Someone posted a thinking piece in a Slack channel I’m in last week, long and earnest and well-structured, arguing that quality engineering needs to evolve for the age of agentic AI, that we need to stop thinking about quality as testing and start treating it as a systemic property. I read it and felt a familiar irritation, and the irritation wasn’t with the argument. The irritation was with the fact that I’ve seen it before, in almost identical language, every eighteen months for the past decade. The faces change and the vocabulary updates, but the insight stays the same, and the profession absorbs it, nods along, and keeps doing what it was already doing.
This is the cycle I keep watching from workshops and conference stages: a new technology arrives, it makes our assumptions visible, someone writes up “quality is systemic” as though the thought just occurred to them, and we all agree enthusiastically and change nothing.
The same verb, conjugated differently
Consider the timeline: manual testing in a staging environment, automated regression suites, Shift Left, ephemeral test environments spun up per pull request. Each one is a genuine improvement over what came before. But every single one is an expression of the same underlying activity: verification. Checking whether quality is present. The question is always “does this match what we expected?”, asked sooner or later, by a human or a machine, against a fixed set of criteria.
Shift Left is the clearest case. When I check that acceptance criteria are clear and well-formed before development starts, I am still verifying. I’ve moved the verification earlier in the process, which is useful and sometimes admirable, and the nature of what I’m doing has not changed. The mental model remains: quality is a property of the output, and my job is to confirm its presence.
I want you to try something. Describe your quality practice, the actual activities you do, the conversations you have, the artefacts you produce, without using the words: test, check, verify, validate, assert. Sit with that for a moment. The difficulty of the exercise is not a coincidence. It’s the frame showing itself. The vocabulary we have for quality work is almost entirely the vocabulary of verification, and that shapes what we can imagine the work being.
Where the verb stops working
AI agents break the verification frame, and they do it in ways that compound on each other.
First, stochastic behaviour. The same prompt, run twice, can produce structurally different output. Binary pass/fail assertions assume deterministic systems where the same input reliably produces the same result, and that assumption collapses when the system operates probabilistically.
Second, a non-enumerable output space. Agents compose actions across reasoning steps and tool calls in ways that resist pre-specification. You cannot write assertions against a space you cannot describe in advance. The traditional testing model requires you to know what “correct” looks like before you check for it, and agents generate behaviour that sits outside any catalogue of expected outcomes.
Third, scalability inversion. Agents generate code, decisions, and artefacts faster than any human can review them. The gatekeeping model, a human or a test suite standing between the system and production, becomes a bottleneck so severe it defeats the purpose of using agents at all.

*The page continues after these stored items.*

(* Let $\mathcal V$ be a descent category, $k$ a positive integer, and $X$ a $k$-category in $\mathcal V$. Then $X$ is $(k+1)$-coskeletal: for every $n\ge0$ the natural morphism $X_n\to\mathrm{Map}(\mathrm{sk}_{k+1}\Delta^n,X)$ is an isomorphism.
   Context: A descent category is a small category $\mathcal V$ with a subcategory of morphisms called covers such that: $\mathcal V$ has finite limits; pullbacks of covers are covers; if $f$ and $g\circ f$ are covers then $g$ is a cover. A simplicial space is a simplicial object in $\mathcal V$; for a finite simplicial set $T$, $\mathrm{Map}(T,X)$ is the finite limit representing simplicial maps $T\to X$; $\mathrm{sk}_{j}\Delta^n$ is the $j$-skeleton. $\Lambda^n_i=\bigcup_{j\ne i}\partial_j\Delta^n$. $\boldsymbol\Delta^1$ is the nerve of the groupoid with objects $\{0,1\}$ and exactly one morphism between any two objects, and $\mathrm{Map}(\boldsymbol\Delta^1,X)$ the limit representing simplicial maps $\boldsymbol\Delta^1\to X$. A $k$-category is a simplicial space $X$ such that $X_n\to\mathrm{Map}(\Lambda^n_i,X)$ is a cover for $0<i<n$ and an isomorphism for $n>k$, and $\mathrm{Map}(\boldsymbol\Delta^1,X)\to X_0$ (restriction to a vertex) is a cover. *)

From mathcomp Require Import all_boot.

Set Implicit Arguments.
Unset Strict Implicit.
Unset Printing Implicit Defensive.

Record Cat := {
  Ob :> Type;
  Hom : Ob -> Ob -> Type;
  idm : forall a, Hom a a;
  comp : forall a b c, Hom b c -> Hom a b -> Hom a c;
  comp_id_l : forall a b (f : Hom a b), comp (idm b) f = f;
  comp_id_r : forall a b (f : Hom a b), comp f (idm a) = f;
  comp_assoc : forall a b c d (h : Hom c d) (g : Hom b c) (f : Hom a b),
      comp h (comp g f) = comp (comp h g) f
}.

Arguments Hom {C} : rename.
Arguments idm {C} a : rename.
Arguments comp {C a b c} : rename.

Definition is_iso (C : Cat) (a b : C) (f : Hom a b) : Prop :=
  exists g : Hom b a, comp g f = idm a /\ comp f g = idm b.

Definition is_terminal (C : Cat) (t : C) : Prop :=
  forall a : C, exists! h : Hom a t, True.

Definition is_pullback (C : Cat) (A B Z P : C) (f : Hom A Z) (g : Hom B Z)
  (p1 : Hom P A) (p2 : Hom P B) : Prop :=
  comp f p1 = comp g p2 /\
  forall (U : C) (u1 : Hom U A) (u2 : Hom U B), comp f u1 = comp g u2 ->
    exists! h : Hom U P, comp p1 h = u1 /\ comp p2 h = u2.

Definition has_finite_limits (C : Cat) : Prop :=
  (exists t : C, is_terminal t) /\
  forall (A B Z : C) (f : Hom A Z) (g : Hom B Z),
    exists (P : C) (p1 : Hom P A) (p2 : Hom P B), is_pullback f g p1 p2.

Record DescentCat := {
  dcat :> Cat;
  cover : forall a b : dcat, Hom a b -> Prop;
  dcat_finlim : has_finite_limits dcat;
  cover_id : forall a : dcat, cover (idm a);
  cover_comp : forall (a b c : dcat) (g : Hom b c) (f : Hom a b),
      cover f -> cover g -> cover (comp g f);
  cover_pullback : forall (A B Z P : dcat) (f : Hom A Z) (g : Hom B Z)
      (p1 : Hom P A) (p2 : Hom P B),
      is_pullback f g p1 p2 -> cover f -> cover p2;
  cover_cancel : forall (a b c : dcat) (g : Hom b c) (f : Hom a b),
      cover f -> cover (comp g f) -> cover g
}.

Arguments cover {d a b} : rename.

(* The simplex category: monotone maps [m] -> [n], [m] = 'I_m.+1       *)

Record mono (m n : nat) := Mono {
  mfun :> 'I_m.+1 -> 'I_n.+1;
  mfun_homo : {homo mfun : x y / (x <= y)%N}
}.

Definition mono_id (n : nat) : mono n n := @Mono n n id (fun x y h => h).

Definition mono_comp (k m n : nat) (f : mono m n) (g : mono k m) : mono k n :=
  @Mono k n (fun x => f (g x))
    (fun x y h => mfun_homo f (mfun_homo g h)).

Record sobj (C : Cat) := {
  sob :> nat -> C;
  sact : forall m n, mono m n -> Hom (sob n) (sob m);
  sact_id : forall n, sact (mono_id n) = idm (sob n);
  sact_comp : forall k m n (f : mono m n) (g : mono k m),
      sact (mono_comp f g) = comp (sact g) (sact f)
}.

Arguments sact {C} s {m n} : rename.

Record sset := {
  simp : nat -> Type;
  ract : forall m m', mono m' m -> simp m -> simp m'
}.

Arguments ract s {m m'} : rename.

(* Sub-simplicial sets of Delta^n determined by a downward closed family Q
   of faces (vertex sets): the m-simplices are the monotone maps
   [m] -> [n] whose image is in Q. *)
Definition mimage (m n : nat) (f : mono m n) : {set 'I_n.+1} :=
  [set f x | x : 'I_m.+1].

Lemma mimage_comp (k m n : nat) (f : mono m n) (g : mono k m) :
  mimage (mono_comp f g) \subset mimage f.
Proof.
apply/subsetP => y /imsetP [x _ ->]; apply/imsetP; by exists (g x).
Qed.

Definition down_closed (n : nat) (Q : {set 'I_n.+1} -> bool) : Prop :=
  forall A B : {set 'I_n.+1}, B \subset A -> Q A -> Q B.

Definition sub_std (n : nat) (Q : {set 'I_n.+1} -> bool)
  (HQ : down_closed Q) : sset :=
  {| simp := fun m => {f : mono m n | Q (mimage f)};
     ract := fun m m' g s =>
       exist _ (mono_comp (sval s) g)
         (HQ _ _ (mimage_comp (sval s) g) (svalP s)) |}.

(* j-skeleton of Delta^n: faces with at most j+1 vertices *)
Definition skel_pred (n j : nat) (A : {set 'I_n.+1}) : bool := (#|A| <= j.+1)%N.
Arguments skel_pred : clear implicits.

Lemma skel_closed n j : down_closed (skel_pred n j).
Proof.
move=> A B sBA; rewrite /skel_pred => h; exact: leq_trans (subset_leq_card sBA) h.
Qed.

Definition skel (j n : nat) : sset := sub_std (@skel_closed n j).

(* horn Lambda^n_i = union of the faces d_j Delta^n, j <> i
   (d_j Delta^n = faces missing the vertex j) *)
Definition horn_pred (n : nat) (i : 'I_n.+1) (A : {set 'I_n.+1}) : bool :=
  [exists j : 'I_n.+1, (j != i) && (j \notin A)].
Arguments horn_pred : clear implicits.

Lemma horn_closed n i : down_closed (horn_pred n i).
Proof.
move=> A B sBA /existsP [j /andP [ji jA]]; apply/existsP; exists j.
rewrite ji /=; apply/negP => jB; move/negP: jA; apply; exact: (subsetP sBA).
Qed.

These three problems don’t sit neatly beside each other. They compound. A system that is stochastic and non-enumerable and faster than you can review is a system that verification, in any form, cannot keep pace with.

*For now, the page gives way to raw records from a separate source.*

(* tw((W, e)) <= w : there is a tree decomposition of width <= w.
   The tree has nodes 'I_n.+1 and edges {i, par i} for i > 0, where
   par i < i (every finite tree admits such a numbering, e.g. BFS). *)
Definition tw_le (e : rel T) (W : {set T}) (w : nat) : Prop :=
  exists n (par : 'I_n.+1 -> 'I_n.+1) (bag : 'I_n.+1 -> {set T}),
  [/\ (forall i : 'I_n.+1, 0 < i -> par i < i),
      (forall i, bag i \subset W) /\
      (forall v, v \in W -> exists i, v \in bag i),
      (forall u v, u \in W -> v \in W -> e u v ->
        exists i, (u \in bag i) && (v \in bag i)),
      (forall v i j, v \in bag i -> v \in bag j ->
        connect (fun a b => [&& tedge par a b, v \in bag a & v \in bag b]) i j)
    & forall i, #|bag i| <= w.+1].

Definition torso (e : rel T) (W X : {set T}) : rel T :=
  fun x1 x2 =>
    (x1 != x2) &&
    (e x1 x2 ||
     [exists z1 in W :\: X, exists z2 in W :\: X,
        [&& connect (restr e (W :\: X)) z1 z2, e x1 z1 & e x2 z2]]).

End Graphs.

Definition relation (D : finType) := {r : nat & {set r.-tuple D}}.

Definition language (D : finType) := seq (relation D).

(* A CSP instance over variables V and domain D: a finite set of
   constraints, indexed by a finType C of constraint names; constraint c
   is (scope c, crel c).  Distinct names denote distinct constraints. *)
Record instance (V D : finType) := Instance {
  cons_t :> finType;
  arity : cons_t -> nat;
  scope : forall c : cons_t, (arity c).-tuple V;
  crel : forall c : cons_t, {set (arity c).-tuple D};
  cons_inj : injective (fun c : cons_t =>
     existT (fun r => (r.-tuple V * {set r.-tuple D})%type) (arity c)
            (scope c, crel c))
}.

Section CSP.
Variables (V D : finType) (I : instance V D).

(* vertices of the incidence graph: variables (inl) and constraints (inr) *)
Local Notation vtx := (V + cons_t I)%type.

Definition vars : {set V} := [set x | [exists c : I, x \in scope c]].

Definition inc_vertices : {set vtx} :=
  [set u : vtx | match u with inl x => x \in vars | inr _ => true end].

Definition inc_edge : rel vtx := fun u v =>
  match u, v with
  | inl x, inr c => x \in scope c
  | inr c, inl x => x \in scope c
  | _, _ => false
  end.

Definition var_vertices : {set vtx} := [set inl x | x in vars].

Definition separation (q k : nat) (A S B : {set vtx}) : Prop :=
  [/\ A :|: S :|: B = inc_vertices,
      [&& [disjoint A & S], [disjoint A & B] & [disjoint S & B]],
      S \subset var_vertices,
      (nbh inc_edge inc_vertices A \subset S) &&
      (nbh inc_edge inc_vertices B \subset S) /\
      #|S| <= k
    & q <= #|A| /\ q <= #|B|].

Definition has_separation (q k : nat) : Prop :=
  exists A S B, separation q k A S B.

(* The constraint of I|_alpha obtained from constraint c, for an
   assignment alpha : X -> D: positions of variables of X are removed and the relation
   is restricted to tuples consistent with alpha. *)
Local Unset Implicit Arguments.
Definition kept (X : {set V}) (c : I) : seq 'I_(arity c) :=
  [seq i <- enum 'I_(arity c) | tnth (scope c) i \notin X].

Definition consistent (X : {set V}) (alpha : {x : V | x \in X} -> D) (c : I)
  (t : (arity c).-tuple D) : bool :=
  [forall i : 'I_(arity c), forall y : {x : V | x \in X},
     (val y == tnth (scope c) i) ==> (tnth t i == alpha y)].

Definition restr_rel (X : {set V}) (alpha : {x : V | x \in X} -> D) (c : I)
  : {set (size (kept X c)).-tuple D} :=
  [set u : (size (kept X c)).-tuple D |
     [exists t in crel c, consistent X alpha c t &&
        (val u == [seq tnth t i | i <- kept X c])]].

Definition restr_relation (X : {set V}) (alpha : {x : V | x \in X} -> D) (c : I)
  : relation D :=
  existT (fun r => {set r.-tuple D}) (size (kept X c)) (restr_rel X alpha c).

Definition uses_only (Gamma : language D) (X : {set V}) (alpha : {x : V | x \in X} -> D) :=
  forall c : I, restr_relation X alpha c \in Gamma.

Definition strong_backdoor (Gamma : language D) (X : {set V}) : Prop :=
  X \subset vars /\ forall alpha : {x : V | x \in X} -> D, uses_only Gamma X alpha.

Definition width_le (X : {set V}) (k : nat) : Prop :=
  let Xv := [set inl x | x in X] : {set vtx} in
  tw_le (torso inc_edge inc_vertices Xv) Xv k.

Definition nice (Gamma : language D) (beta k : nat) : Prop :=
  tw_le inc_edge inc_vertices (beta + k) \/
  ((exists X, strong_backdoor Gamma X /\ width_le X k) ->
   exists X, [/\ strong_backdoor Gamma X, width_le X k &
     let Xv := [set inl x | x in X] : {set vtx} in
     exists C, [/\ is_component inc_edge (inc_vertices :\: Xv) C,
                   beta < #|C|,
                   (forall C', is_component inc_edge (inc_vertices :\: Xv) C' ->
                       beta < #|C'| -> C' = C)
                 & #|inc_vertices :\: cnbh inc_edge inc_vertices C| <= beta]]).

End CSP.

(* If tw(G) <= q + k we are done, so let X be a backdoor of width <= k.
   The neighbourhood N(C) of a component C of G - X is a clique of the torso,
   hence lies in one bag of a torso decomposition and has at most k + 1
   elements.  Hanging a bag C :|: N(C) below that bag for every C yields a
   decomposition of G of width <= q + k as soon as all components have at
   most q vertices; so some component C has more than q vertices.  Then
   (C, N(C), V(G) :\: N[C]) is a (q, k + 1)-separation unless
   |V(G) :\: N[C]| <= q, and this bound also rules out a second large
   component, which would lie in V(G) :\: N[C]. *)

From mathcomp Require Import all_boot.
From Stdlib Require Import Classical.

Set Implicit Arguments.
Unset Strict Implicit.
Unset Printing Implicit Defensive.

Lemma connect_homo (T T' : finType) (e : rel T) (e' : rel T') (h : T -> T') :
  (forall x y, e x y -> e' (h x) (h y)) ->
  forall x y, connect e x y -> connect e' (h x) (h y).
Proof.
move=> he x y /connectP [p + ->]; elim: p x => [|z p IHp] x //= /andP [exz pz].
exact: connect_trans (connect1 (he _ _ exz)) (IHp _ pz).
Qed.

Lemma tedge_sym n (par : 'I_n.+1 -> 'I_n.+1) : symmetric (tedge par).
Proof. by move=> a b; rewrite /tedge orbC. Qed.

Definition subtree_edge (T : finType) n (par : 'I_n.+1 -> 'I_n.+1)
    (bag : 'I_n.+1 -> {set T}) (v : T) : rel 'I_n.+1 :=
  fun a b => [&& tedge par a b, v \in bag a & v \in bag b].

Lemma subtree_edge_sym (T : finType) n par (bag : 'I_n.+1 -> {set T}) v :
  connect_sym (subtree_edge par bag v).
Proof.
apply: sym_connect_sym => a b; rewrite /subtree_edge tedge_sym.
by case: (v \in bag a); rewrite ?andbF ?andbT.
Qed.

Section TreeDecomposition.
Variables (T : finType) (e : rel T) (W : {set T}).
Variables (n : nat) (par : 'I_n.+1 -> 'I_n.+1) (bag : 'I_n.+1 -> {set T}).
Hypothesis par_lt : forall i : 'I_n.+1, 0 < i -> par i < i.
Hypothesis bag_cover : forall v, v \in W -> exists i, v \in bag i.
Hypothesis bag_edge : forall u v, u \in W -> v \in W -> e u v ->
  exists i, (u \in bag i) && (v \in bag i).
Hypothesis bag_connect : forall v i j, v \in bag i -> v \in bag j ->
  connect (subtree_edge par bag v) i j.

(* [par 0] is junk: [up] fixes the root 0 instead. *)
Definition up (i : 'I_n.+1) : 'I_n.+1 := if 0 < i then par i else i.

Definition ancestor (t i : 'I_n.+1) : Prop := exists m, iter m up i = t.

Lemma up_leq i : up i <= i.
Proof. by rewrite /up; case: ifP => // /par_lt /ltnW. Qed.

Lemma ancestor_leq t i : ancestor t i -> t <= i.
Proof.
case=> m <-; elim: m => //= m IHm; exact: leq_trans (up_leq _) IHm.
Qed.

Lemma ancestor_tedge t a b : tedge par a b -> ancestor t a ->
  ancestor t b \/ [/\ a = t, 0 < a & par a = b].
Proof.
case/orP => [/andP [a_gt0 /eqP par_a] | /andP [b_gt0 /eqP par_b]] [m tm].
- case: m tm => [|m] tm; first by right.
  by left; exists m; rewrite -tm iterSr /up a_gt0 par_a.
- by left; exists m.+1; rewrite -tm iterSr /up b_gt0 par_b.
Qed.

Lemma connect_ancestor (r : rel 'I_n.+1) (t i j : 'I_n.+1) :
  subrel r (tedge par) -> (0 < t -> ~~ r t (par t)) ->
  connect r i j -> ancestor t i -> ancestor t j.
Proof.
move=> r_tedge no_exit /connectP [p + ->]; elim: p i => [|z p IHp] i //=.
case/andP => riz pz ti; apply: IHp pz _.
have [//|[it i_gt0 par_i]] := ancestor_tedge (r_tedge _ _ riz) ti.
by subst i z; rewrite (negbTE (no_exit i_gt0)) in riz.
Qed.

Definition is_top (v : T) (t : 'I_n.+1) : bool :=
  (v \in bag t) && [forall i, (v \in bag i) ==> (t <= i)].

Lemma exists_top v : v \in W -> exists t, is_top v t.
Proof.
move=> /bag_cover [i vi].
case: (@arg_minnP _ i (fun j => v \in bag j) val vi) => t vt t_min.
by exists t; rewrite /is_top vt; apply/forallP => j; apply/implyP/t_min.
Qed.

Lemma top_ancestor v t j : is_top v t -> v \in bag j -> ancestor t j.
Proof.
case/andP => vt /forallP t_min vj.
apply: (connect_ancestor _ _ (bag_connect vt vj)); last by exists 0.
  by move=> a b /and3P [].
move=> t_gt0; apply/negP => /and3P [_ _ v_par].
by move: (implyP (t_min _) v_par); rewrite leqNgt par_lt.
Qed.

(* Take the clique vertex whose top node is deepest: every other clique
   vertex shares a bag below that node, so its subtree must reach it. *)
Lemma clique_sub_bag (K : {set T}) : K \subset W ->
  {in K &, forall u v, u != v -> e u v} -> exists i, K \subset bag i.
Proof.
move=> KW K_clique.
have [->|[v0 v0K]] := set_0Vmem K; first by exists ord0; rewrite sub0set.
have [t0 top_t0] := exists_top (subsetP KW _ v0K).
pose P := [pred p : T * 'I_n.+1 | (p.1 \in K) && is_top p.1 p.2].
have P0 : P (v0, t0) by rewrite /= v0K.
case: (@arg_maxnP _ _ P (fun p => val p.2) P0) => [[v t]] /= /andP [vK top_t].
move=> t_max; exists t; apply/subsetP => u uK.
have [-> | uv] := eqVneq u v; first by case/andP: top_t.
have [j /andP [uj vj]] :=
  bag_edge (subsetP KW _ uK) (subsetP KW _ vK) (K_clique _ _ uK vK uv).
have [tu top_tu] := exists_top (subsetP KW _ uK).
have tu_le_t : tu <= t by apply: (t_max (u, tu)); rewrite /= uK.
apply/negPn/negP => u_t.
have t_tu : ancestor t tu.
  apply: (connect_ancestor _ _ (bag_connect uj (proj1 (andP top_tu)))).
  - by move=> a b /and3P [].
  - by move=> _; rewrite /subtree_edge (negbTE u_t) andbF.
  exact: top_ancestor top_t vj.
have tu_t : tu = t by apply/val_inj/eqP; rewrite eqn_leq tu_le_t ancestor_leq.
by case/andP: top_tu; rewrite tu_t (negbTE u_t).
Qed.

End TreeDecomposition.

Section GlueLeaves.
Variables (T J : finType) (n : nat).
Variables (par : 'I_n.+1 -> 'I_n.+1) (bag : 'I_n.+1 -> {set T}).
Variables (att : J -> 'I_n.+1) (leaf : J -> {set T}).

Local Notation N := #|J|.

(* A new leaf for each [j : J], with bag [leaf j] and parent [att j]; the
   leaves are numbered after the old nodes, so parents keep smaller indices. *)
Definition glue_par (i : 'I_(n.+1 + N)) : 'I_(n.+1 + N) :=
  lshift N (match split i with inl o => par o | inr r => att (enum_val r) end).

Definition glue_bag (i : 'I_(n.+1 + N)) : {set T} :=
  match split i with inl o => bag o | inr r => leaf (enum_val r) end.

Lemma glue_par_lt : (forall i : 'I_n.+1, 0 < i -> par i < i) ->
  forall i : 'I_(n.+1 + N), 0 < i -> glue_par i < i.
Proof.
move=> par_lt i; rewrite /glue_par; case: split_ordP => [o|r] -> /=.
  exact: par_lt.
by move=> _; rewrite (leq_trans (ltn_ord _)) ?leq_addr.
Qed.

Lemma glue_bag_old o : glue_bag (lshift N o) = bag o.
Proof. by rewrite /glue_bag (unsplitK (inl o)). Qed.

Lemma glue_bag_leaf j : glue_bag (rshift n.+1 (enum_rank j)) = leaf j.
Proof. by rewrite /glue_bag (unsplitK (inr _)) enum_rankK. Qed.

Lemma glue_tedge_old a b : tedge par a b -> tedge glue_par (lshift N a) (lshift N b).
Proof.
rewrite /tedge /glue_par !(unsplitK (inl _)).
by case/orP => /andP [-> /eqP ->]; rewrite eqxx ?orbT.
Qed.

Lemma glue_tedge_leaf j :
  tedge glue_par (rshift n.+1 (enum_rank j)) (lshift N (att j)).
Proof. by rewrite /tedge /glue_par (unsplitK (inr _)) enum_rankK eqxx. Qed.

Variable X : {set T}.
Hypothesis bag_sub : forall o, bag o \subset X.
Hypothesis bag_connect : forall v i j, v \in bag i -> v \in bag j ->
  connect (subtree_edge par bag v) i j.
Hypothesis leaf_att : forall j, leaf j :&: X \subset bag (att j).
Hypothesis leaf_disjoint : forall j j' v,
  v \in leaf j -> v \in leaf j' -> v \notin X -> j = j'.

Local Notation glue_edge := (subtree_edge glue_par glue_bag).

Lemma glue_connect_old v o o' : v \in bag o -> v \in bag o' ->
  connect (glue_edge v) (lshift N o) (lshift N o').
Proof.
move=> vo vo'; apply: connect_homo (bag_connect vo vo') => a b /and3P [ab va vb].
by rewrite /subtree_edge !glue_bag_old glue_tedge_old ?va.
Qed.

Lemma glue_reach_old v i : v \in X -> v \in glue_bag i ->
  exists2 o, v \in bag o & connect (glue_edge v) i (lshift N o).
Proof.
move=> vX; case: (split_ordP i) => [o|r] ->.
  by rewrite glue_bag_old => vo; exists o.
rewrite -[r]enum_valK glue_bag_leaf => vl.
have v_att : v \in bag (att (enum_val r)) by apply/(subsetP (leaf_att _))/setIP.
exists (att (enum_val r)) => //; apply: connect1.
by rewrite /subtree_edge glue_tedge_leaf glue_bag_leaf glue_bag_old vl v_att.
Qed.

Building the evaluation in
The response to this looks nothing like “verify better” or “verify faster.” It requires different activities entirely:
- Probabilistic test semantics: pass, fail, and inconclusive as first-class outcomes, backed by statistical confidence intervals rather than binary assertions
- Multi-dimensional coverage maps that measure behavioural breadth rather than line execution
- Trajectory evaluation, where you assess the reasoning path an agent took and not just the final output it produced
- Harness-first engineering, where you build the evaluation infrastructure before the system runs
- Deterministic control planes that intercept every agent proposal before it touches the real world
These are design activities. They happen before the system runs, as part of building it. They are closer to architecture than to testing, and they require a different relationship to the system and a different understanding of what “quality work” means.
The pattern underneath the pattern
This is what frustrates me most, and I say this as someone who runs workshops on quality thinking, who speaks at conferences like Agile Testing Days and Motacon (formerly TestBash) and HUSTEF among others, who watches these conversations happen in real time across Slack channels and meetups and post-talk corridors. The profession keeps arriving at “quality is systemic” as though it’s a fresh revelation, every time a new technology makes the verification frame obviously inadequate. It happened with continuous delivery. It happened with microservices. It is happening now with AI agents.
Each time, the insight gets written up and shared, and then we collectively fail to build on it. We don’t accumulate. We rediscover. The next generation of practitioners starts from scratch, makes the same journey from “testing is checking” to “quality is designed in,” and arrives at the same destination their predecessors reached five years earlier without any awareness that the path was already walked.
That pattern, the failure to treat our own professional learning as a systemic concern, is itself a quality problem. We don’t have a new problem with AI agents. We have an old problem that agents have made impossible to avoid. The verification frame has always been too small. The difference now is that “too small” no longer means “limited.” It means “inoperable.” And we are still, in Slack channels and conference talks and earnest blog posts, rediscovering this as though nobody said it before.